Not long before he died in 1996, my father, another Fanelli, said something to the effect of, "There are many Fanellis in Paris. We have lots o' relatives there." This is something that has stayed with me, and every now and then, I do the odd Google search, looking for some long-lost, stinking-rich French cousin, someone with a lot of French booze, perhaps.

Last night, Google came up with a new result: French composer Ernest Fanelli, born in Paris on June 29, 1860. This struck a chord with me because, besides his last name and the bit about the song writing, there's his birthday, June 29, which happens to be my birthday. (I burst onto the scene just a few years later, of course.)

And, as it turns out, he's an interesting guy. So interesting, in fact, that it's generally accepted that two of Fanelli's more famous and slightly younger contemporaries, Claude Debussy and Joseph-Maurice Ravel, based a lot of their well-known impressionist compositions on a Fanelli score called Tableaux Symphoniques, which was first performed in Paris in 1912. It actually was written nearly 30 years earlier, and the score was apparently gawked at -- while still unpublished -- by people like Debussy and Ravel, who -- how shall I put this? -- stole bits of it.
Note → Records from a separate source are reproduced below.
(* Let $\hat K$ be a knot. The linking form of $\hat K\#\hat K$ has trivial isotropic cone (i.e. $\Lambda_0(\hat K\#\hat K)=\{0\}$) if and only if $\det(\hat K)$ is a product of distinct primes, each of which is congruent to $3\bmod 4$.
   Context: For a knot $K\subset S^3$, $D_K$ is the double branched cover of $S^3$ over $K$; $H_1(D_K;\mathbb{Z})$ is finite of odd order $\det(K)=|\Delta_K(-1)|$, and $\lambda:H_1(D_K)\times H_1(D_K)\to\mathbb{Q}/\mathbb{Z}$ is the standard symmetric non-degenerate linking form. The isotropic cone is $\Lambda_0(K)=\{g\in H_1(D_K):\lambda(g,g)=0\}$. $\hat K\#\hat K$ is the connected sum of $\hat K$ with itself (so its $H_1$ with linking form is the orthogonal sum of two copies of that of $\hat K$). *)

From mathcomp Require Import all_boot all_order all_algebra.
Set Implicit Arguments. Unset Strict Implicit. Unset Printing Implicit Defensive.
Import Order.TTheory GRing.Theory Num.Theory.
Local Open Scope ring_scope.

(* Q/Z-valued forms are represented by rat-valued functions, read modulo
   the integers: a value q : rat stands for its class in Q/Z, and
   "q = 0 in Q/Z" is "q \is a Num.int". *)
Definition qz_zero (q : rat) : bool := q \is a Num.int.

Definition linking_form (G : finZmodType) (lam : G -> G -> rat) : Prop :=
  [/\ (forall x y, qz_zero (lam x y - lam y x)),
      (forall x y z, qz_zero (lam (x + y) z - (lam x z + lam y z)))
    & (forall x, x != 0 -> exists y, ~~ qz_zero (lam x y)) ].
Fanelli has been called "one of the greatest inventors and musical iconoclasts of all time."

Right. Anyway, I'm listening to "Symphonic Pictures" (aka Tableaux Symphoniques, 1883/1886) with the idea that it might be cool to pinpoint a simple melody within the overall work and make a modern-surf tune out of it -- sort of "Fanelli covers Fanelli." I think I've found something catchy in one of the later movements on the album.

This could be interesting -- especially if your name is Fanelli!